Data excerpts:
════

(* full row maximum rank; tall degenerate (p x 0, p>0) and void count as FRmR *)
Definition FRmR (K : fieldType) (k m n : nat) (M : 'M[{mpoly K[k]}]_(m, n)) : Prop :=
  n = 0%N \/ is_maxRank M m.

(* full column maximum rank; wide degenerate (0 x q, q>0) and void count as FCmR *)
Definition FCmR (K : fieldType) (k m n : nat) (M : 'M[{mpoly K[k]}]_(m, n)) : Prop :=
  m = 0%N \/ is_maxRank M n.

(* the column order f_1 < ... < f_s, g_1 < ... < g_{n-s} *)
Definition colorder (n : nat) (F : {set 'I_n}) : seq 'I_n := enum F ++ enum (~: F).

(* Q_F : column j of M Q_F is column (nth j (colorder F) j) of M *)
Definition QF (R : pzRingType) (n : nat) (F : {set 'I_n}) : 'M[R]_n :=
  \matrix_(i, j) ((i == nth j (colorder F) j)%:R).

Definition semifactor (K : fieldType) (k m n : nat) (M : 'M[{mpoly K[k]}]_(m, n))
  (F : {set 'I_n}) : Prop :=
  exists (R : 'M[K]_m), R \in unitmx /\
  exists (p r t : nat) (eqm : (p + r)%N = m) (eqn : (#|F| + t)%N = n)
    (A : 'M[{mpoly K[k]}]_(p, #|F|)) (B : 'M[{mpoly K[k]}]_(p, t))
    (C : 'M[{mpoly K[k]}]_(r, t)),
    map_mx (fun c => c%:MP) R *m M *m QF _ F = castmx (eqm, eqn) (block_mx A B 0 C)
    /\ (r + #|F|)%N = maxn m n
    /\ FRmR A /\ FCmR C.

From HB Require Import structures.
From mathcomp Require Import all_boot all_order all_algebra all_fingroup.
From mathcomp Require Import mpoly.
From mathcomp Require Import zify.
Set Implicit Arguments. Unset Strict Implicit. Unset Printing Implicit Defensive.
Import GRing.Theory.
Local Open Scope ring_scope.
(* The partial sums increase and stay below [1], so the series converges and
   the [epsilon] in [lim_seq] picks its genuine limit. *)
Lemma hitting_prob_abs_le1 z : Rabs (hitting_prob E Edec el Rt F z xi) <= 1.
Proof.
  unfold hitting_prob, lim_seq.
  set (P := Un_cv (sum_f_R0 (fun k => fe k z xi))).
  assert (Hex : exists l, P l).
  { destruct (growing_cv (fun K => entrance_partial_sum K z)) as [l Hl].
    - intros K; unfold entrance_partial_sum; rewrite tech5.
      pose proof (first_entrance_prob_ge0 (S K) z); lra.
    - exists 1; intros x [K ->]; apply entrance_partial_sum_bounds.
    - now exists l. }
  pose proof (epsilon_spec (inhabits 0) P Hex) as Hlim.
  apply Rabs_le; split.
  - apply (Un_cv_ge_eventually _ _ _ 0 (fun K _ => proj1 (entrance_partial_sum_bounds K z)))
      in Hlim; lra.
  - exact (Un_cv_le_eventually _ _ _ 0 (fun K _ => proj2 (entrance_partial_sum_bounds K z)) Hlim).
Qed.

End HittingProbability.

Lemma trace_rate_scaled_cv0 (E : Type) (Edec : forall x y : E, {x = y} + {x <> y})
  (el : list E) (el_full : forall x, In x el) (RN : nat -> E -> E -> R) (a : nat -> R)
  (F : E -> bool) (eta xi : E) :
  (forall N, (1 <= N)%nat -> forall x y, x <> y -> 0 <= RN N x y) ->
  F xi = true ->
  Un_cv (fun N => a N * RN N eta xi) 0 ->
  (forall z, F z = false -> Un_cv (fun N => a N * RN N eta z) 0) ->
  Un_cv (fun N => a N * trace_rate E Edec el (RN N) F eta xi) 0.
Proof.
  intros RN_ge0 F_xi direct_cv0 exit_cv0; unfold trace_rate.
  eapply Un_cv_ext; [intros N; symmetry; apply Rmult_plus_distr_l|].
  apply Un_cv_plus0; [exact direct_cv0|].
  apply Un_cv_mul_sumE0; intros z _; destruct (F z) eqn:Fz; [apply Un_cv_mul0|].
  eapply Un_cv_ext; [intros N; apply Rmult_assoc|].
  apply Un_cv_mul_bounded with 1; [now apply exit_cv0|].
  intros N HN; apply hitting_prob_abs_le1; auto.
Qed.
(* Let $P$ be a finite nonempty poset with $p$ elements, and let $\epsilon$ and $\mu$ be the labelings of the covering relations $E(P)$ induced by two bijections $\omega,\lambda:P\to\{1,\dots,p\}$. Suppose that $P$ is both $\epsilon$-graded and $\mu$-graded. Then, as polynomials in $t$, $$\Omega\Big(P,\epsilon;t-\frac{r(\epsilon)}{2}\Big)=\Omega\Big(P,\mu;t-\frac{r(\mu)}{2}\Big).$$
   Context: A labeling of a finite poset $P$ with $p$ elements is a bijection $\omega:P\to\{1,\dots,p\}$. Write $x\prec y$ if $y$ covers $x$ and $E(P)=\{(x,y):x\prec y\}$. The labeling $\omega$ induces $\epsilon:E(P)\to\{-1,1\}$, $\epsilon(x,y)=1$ if $\omega(x)<\omega(y)$ and $\epsilon(x,y)=-1$ if $\omega(x)>\omega(y)$. A $(P,\epsilon)$-partition is a map $\sigma:P\to\{1,2,3,\dots\}$ with $\sigma(x)\ge\sigma(y)$ whenever $x\le y$, and $\sigma(x)>\sigma(y)$ whenever $x<y$ and $\omega(x)>\omega(y)$ (equivalently, whenever $x\prec y$ and $\epsilon(x,y)=-1$; so this depends only on $\epsilon$). The order polynomial $\Omega(P,\epsilon;n)$ is the number of $(P,\epsilon)$-partitions with largest part at most $n$; it is a polynomial in $n$ of degree $p$. $P$ is $\epsilon$-graded if the sum $\sum_{i=1}^n\epsilon(x_{i-1},x_i)$ takes the same value for every maximal chain $x_0\prec x_1\prec\cdots\prec x_n$ of $P$; this common value is the rank $r(\epsilon)$. *)

From HB Require Import structures.
From mathcomp Require Import all_boot all_order all_algebra.
Set Implicit Arguments. Unset Strict Implicit. Unset Printing Implicit Defensive.
Import Order.TTheory GRing.Theory Num.Theory.
Local Open Scope order_scope.

Section PosetDefs.
Context {d : Order.disp_t} {P : finPOrderType d}.

Definition covers (x y : P) : bool :=
  (x < y) && [forall z : P, ~~ ((x < z) && (z < y))].

Definition labeling (w : P -> nat) : Prop :=
  injective w /\ forall x, (1 <= w x <= #|P|)%N.

Definition eps (w : P -> nat) (x y : P) : int :=
  if (w x < w y)%N then 1%R else (-1)%R.

Definition is_partition (w : P -> nat) (n : nat) (s : P -> nat) : bool :=
  [forall x, (1 <= s x <= n)%N] &&
  [forall x, forall y, (x <= y) ==> (s y <= s x)%N] &&
  [forall x, forall y, ((x < y) && (w y < w x)%N) ==> (s y < s x)%N].
Section Parent.
Variables (F : nat) (T : nset) (m : nat).
Hypotheses (IT : IF F T) (Tm : multiplicity T m) (m_small : 2 * m < F).

(* F - m is a gap of T, since F = (F - m) + m is not in T. *)
Lemma parent_gap : ~~ T (F - m).
Proof.
have /IF_iff_symmetric [[_ [Tadd _]] [nTF _] _] := IT.
by apply: gap_sub Tm.2.1 _ => //; lia.
Qed.

(* The parent is in I(F): every new sum involving F - m exceeds F. *)
Lemma parent_IF : IF F (swap T m (F - m)).
Proof.
have /IF_iff_symmetric [[T0 [Tadd _]] [nTF TF] _] := IT.
have [m0 [Tm0 _]] := Tm.
have atleast_m := multiplicity_le Tm.
have inS n : T n -> n != m -> swap T m (F - m) n by move=> Tn nm; rewrite /swap Tn nm.
have large n : F < n -> swap T m (F - m) n by move=> nF; apply: inS; [exact: TF | lia].
apply: swap_IF => //; first lia.
move=> a b /orP [/andP [Ta am] | /eqP ->] /orP [/andP [Tb bm] | /eqP ->].
- have [-> | a0] := posnP a; first by rewrite add0n inS.
  have [-> | b0] := posnP b; first by rewrite addn0 inS.
  by apply: inS; [exact: Tadd | have := atleast_m _ Ta a0; lia].
- have [-> | a0] := posnP a; first by rewrite add0n /swap eqxx orbT.
  by apply: large; have := atleast_m _ Ta a0; lia.
- have [-> | b0] := posnP b; first by rewrite addn0 /swap eqxx orbT.
  by apply: large; have := atleast_m _ Tb b0; lia.
- by apply: large; lia.
Qed.

(* The parent loses the element m < F/2 and gains only F - m > F/2. *)
Lemma parent_rank : nsmall F (swap T m (F - m)) < nsmall F T.
Proof.
have [m0 [Tm0 _]] := Tm.
apply: (count_lt (y := m)) => [z | | |].
- by case/andP=> /orP [/andP [-> _] | /eqP ->] //; lia.
- by rewrite mem_iota; lia.
- by rewrite Tm0; lia.
- by rewrite /swap eqxx andbF /=; apply/negP => /andP [/eqP]; lia.
Qed.

(* F - m is indecomposable in the parent, since its summands would lie in T. *)
Lemma parent_indecomposable : indecomposable (swap T m (F - m)) (F - m).
Proof.
have /IF_iff_symmetric [[_ [Tadd _]] _ _] := IT.
move=> a b /orP [/andP [Ta _] | /eqP aF] /orP [/andP [Tb _] | /eqP bF] ab; try lia.
have [-> | a0] := posnP a; first by left.
have [-> | b0] := posnP b; first by right.
by move: parent_gap; rewrite -ab Tadd.
Qed.
Lemma path_step j t : t <= 2 * n - 2 ->
  [/\ idx n j t.+1 <= n, visited j t (bpos j t), bpos j t != bpos j t.+1
    & step (idx n j t.+1) (visited j t) (bpos j t) (bpos j t.+1)].
Proof.
move=> t_le; split.
- by rewrite /idx; case: (odd j.+1); case_ifs; lia.
- by rewrite /visited eqxx !orbT.
- by rewrite /bpos; case: (odd j); case_ifs; lia.
(* up to i = n the path uses the first move of f_i, afterwards the second one *)
case: (leqP t.+1 n) => t_lt; [apply: StepDirect | apply: StepSwitch];
  rewrite /idx /src /dst /src' /dst' /visited /bpos /= ?inE; case: (odd j); case_ifs; lia.
Qed.

Lemma bbar_single j : bbar n l j = single (bpos j 0).
Proof. by rewrite /bbar /bpos; case: (odd j). Qed.

Lemma Bset_supported j t : t <= 2 * n - 1 ->
  forall b, Bset n l j t b <-> supported (visited j t) b.
Proof.
elim: t => [|t IHt] t_le b.
  have p_lt : bpos j 0 < 2 * n by rewrite /bpos /=; case: (odd j); lia.
  rewrite /= bbar_single -(supported_single _ p_lt).
  by apply: supported_eq => p _; rewrite /visited /=; case: eqP => //= _; lia.
have t_le' : t <= 2 * n - 2 by lia.
have [i_le Ap pq st] := path_step j t_le'.
rewrite (supported_eq _ (fun p _ => visitedS j t_le' p)) -(orbit_step i_le Ap pq st).
exact: (eq_orbit _ (IHt (ltnW t_le))).
Qed.

Lemma bvec_single j t : t <= 2 * n - 1 -> bvec n l j t = Some (single (bpos j t)).
Proof.
elim: t => [|t IHt] t_le /=; first by rewrite bbar_single.
have t_le' : t <= 2 * n - 2 by lia.
have [i_le Ap pq st] := path_step j t_le'.
by rewrite IHt /= 1?ltnW // (phi_step i_le Ap pq st) (fpow_step i_le Ap pq st).
Qed.

Lemma path_eps_phi j t : t <= 2 * n - 2 ->
  eps n (idx n j t.+1) (single (bpos j t)) = 0 /\
  phi n (idx n j t.+1) (single (bpos j t)) = l.
Proof.
move=> t_le; have [i_le Ap pq st] := path_step j t_le.
by rewrite (eps_step i_le Ap pq st) (phi_step i_le Ap pq st).
Qed.

Lemma bpos_last j : bpos j (2 * n - 1) = bpos j.+1 0.
Proof. by rewrite /bpos /=; case_ifs; case: (odd j); lia. Qed.

Lemma lam_h_idx j a : 0 < a <= 2 * n - 1 -> lam_h l j (idx n j a) = 0.
Proof. by rewrite /lam_h /idx /=; case: (odd j) => /=; case_ifs; lia. Qed.

Lemma Bset_full j b : Bset n l j (2 * n - 1) b <-> inB n l b.
Proof.
rewrite Bset_supported // supported_full // => p p_lt.
by rewrite /visited /bpos; case: (odd j); case_ifs; lia.
Qed.
(* Let $Q:(-\infty,-1)\to(-\infty,0)$ be the inverse of the strictly increasing function $G\mapsto G-e^G$ on $(-\infty,0)$, and define $R:\mathbb{R}\to\mathbb{R}$ by $R(V)=-2(1-e^{Q(V)})^2$ for $V<-1$ and $R(V)=4(V+1)$ for $V\ge -1$. Fix $m<-1$. For $n\in\mathbb{R}$ let $V(t;n)$ denote the unique solution of $V''+3V'=R(V)$, $t>0$, $V(0)=m$, $V'(0)=n$ (prime denoting $d/dt$, $V_t=dV/dt$). Define $\beta^0=\{n\in\mathbb{R}: V_t(t;n)>0 \text{ and } V(t;n)\le -1 \text{ for all } t>0\}$. Then $\beta^0$ is a nonempty closed set. Moreover, if $n\in\beta^0$, then $V(t;n)<-1$ for all $t>0$. *)

From Stdlib Require Import Reals ClassicalEpsilon.
From Coquelicot Require Import Coquelicot.
Open Scope R_scope.

(* Q : (-oo,-1) -> (-oo,0), inverse of G |-> G - exp G on (-oo,0).
   Defined by choice; for v < -1 the defining property has a unique witness. *)
Definition Q (v : R) : R :=
  epsilon (inhabits 0) (fun G => G < 0 /\ G - exp G = v).

Definition Rf (v : R) : R :=
  if Rlt_dec v (-1) then -2 * (1 - exp (Q v)) ^ 2 else 4 * (v + 1).

(* f solves V'' + 3 V' = R(V) for t > 0 with V(0) = m, V'(0) = n.
   (f is required differentiable on all of R; since R is globally Lipschitz
   the solution on [0,oo) extends uniquely to R, so this is harmless.) *)
Definition is_solution (m n : R) (f : R -> R) : Prop :=
  (forall t, ex_derive f t) /\
  (forall t, 0 < t -> is_derive (Derive f) t (Rf (f t) - 3 * Derive f t)) /\
  f 0 = m /\ Derive f 0 = n.

Definition beta0 (V : R -> R -> R) : R -> Prop :=
  fun n => forall t, 0 < t -> Derive (V n) t > 0 /\ V n t <= -1.

From Stdlib Require Import Reals Lra Psatz ClassicalEpsilon.
From Coquelicot Require Import Coquelicot.
Open Scope R_scope.

(* Shooting in the initial speed n.  Say that n escapes above if V(t; n) > -1 and V' > 0
   at some t > 0, and that n turns back if V < -1 and V' < 0 at some t > 0.  Since
   (V' e^{3t})' = R(V) e^{3t} and R(V) has the sign of V + 1, both properties persist for
   all later times, so no n has both.  R is 4-Lipschitz, hence by Gronwall applied to
   (V1 - V2)^2 + (V1' - V2')^2 the solution depends continuously on n, and both sets are
   open.  n = -1 turns back and n = (3 - m) e^3 escapes above, so by connectedness some n
   in between does neither, and such an n satisfies V' >= 0 and V <= -1.  These
   non-strict conditions are closed in n, and they already force V' > 0 and V < -1:
   V = -1 with V' = 0 would make V coincide with the constant solution -1, while V' = 0
   with V < -1 gives V'' = R(V) < 0. *)

Lemma exp_le_mono (x y : R) : x <= y -> exp x <= exp y.
Proof. intros [hlt| ->]; [left; apply exp_increasing, hlt|right; reflexivity]. Qed.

════

How to complete this task: Your answer should consist of the lines from the line with "Variables (F : nat) (T : nset) (m : nat)." to the line with "move=> a b /orP [/andP [Ta _]" above, repeated exactly, both ends included.

Answer to the exercise:
Variables (F : nat) (T : nset) (m : nat).
Hypotheses (IT : IF F T) (Tm : multiplicity T m) (m_small : 2 * m < F).

(* F - m is a gap of T, since F = (F - m) + m is not in T. *)
Lemma parent_gap : ~~ T (F - m).
Proof.
have /IF_iff_symmetric [[_ [Tadd _]] [nTF _] _] := IT.
by apply: gap_sub Tm.2.1 _ => //; lia.
Qed.

(* The parent is in I(F): every new sum involving F - m exceeds F. *)
Lemma parent_IF : IF F (swap T m (F - m)).
Proof.
have /IF_iff_symmetric [[T0 [Tadd _]] [nTF TF] _] := IT.
have [m0 [Tm0 _]] := Tm.
have atleast_m := multiplicity_le Tm.
have inS n : T n -> n != m -> swap T m (F - m) n by move=> Tn nm; rewrite /swap Tn nm.
have large n : F < n -> swap T m (F - m) n by move=> nF; apply: inS; [exact: TF | lia].
apply: swap_IF => //; first lia.
move=> a b /orP [/andP [Ta am] | /eqP ->] /orP [/andP [Tb bm] | /eqP ->].
- have [-> | a0] := posnP a; first by rewrite add0n inS.
  have [-> | b0] := posnP b; first by rewrite addn0 inS.
  by apply: inS; [exact: Tadd | have := atleast_m _ Ta a0; lia].
- have [-> | a0] := posnP a; first by rewrite add0n /swap eqxx orbT.
  by apply: large; have := atleast_m _ Ta a0; lia.
- have [-> | b0] := posnP b; first by rewrite addn0 /swap eqxx orbT.
  by apply: large; have := atleast_m _ Tb b0; lia.
- by apply: large; lia.
Qed.

(* The parent loses the element m < F/2 and gains only F - m > F/2. *)
Lemma parent_rank : nsmall F (swap T m (F - m)) < nsmall F T.
Proof.
have [m0 [Tm0 _]] := Tm.
apply: (count_lt (y := m)) => [z | | |].
- by case/andP=> /orP [/andP [-> _] | /eqP ->] //; lia.
- by rewrite mem_iota; lia.
- by rewrite Tm0; lia.
- by rewrite /swap eqxx andbF /=; apply/negP => /andP [/eqP]; lia.
Qed.

(* F - m is indecomposable in the parent, since its summands would lie in T. *)
Lemma parent_indecomposable : indecomposable (swap T m (F - m)) (F - m).
Proof.
have /IF_iff_symmetric [[_ [Tadd _]] _ _] := IT.
move=> a b /orP [/andP [Ta _] | /eqP aF] /orP [/andP [Tb _] | /eqP bF] ab; try lia.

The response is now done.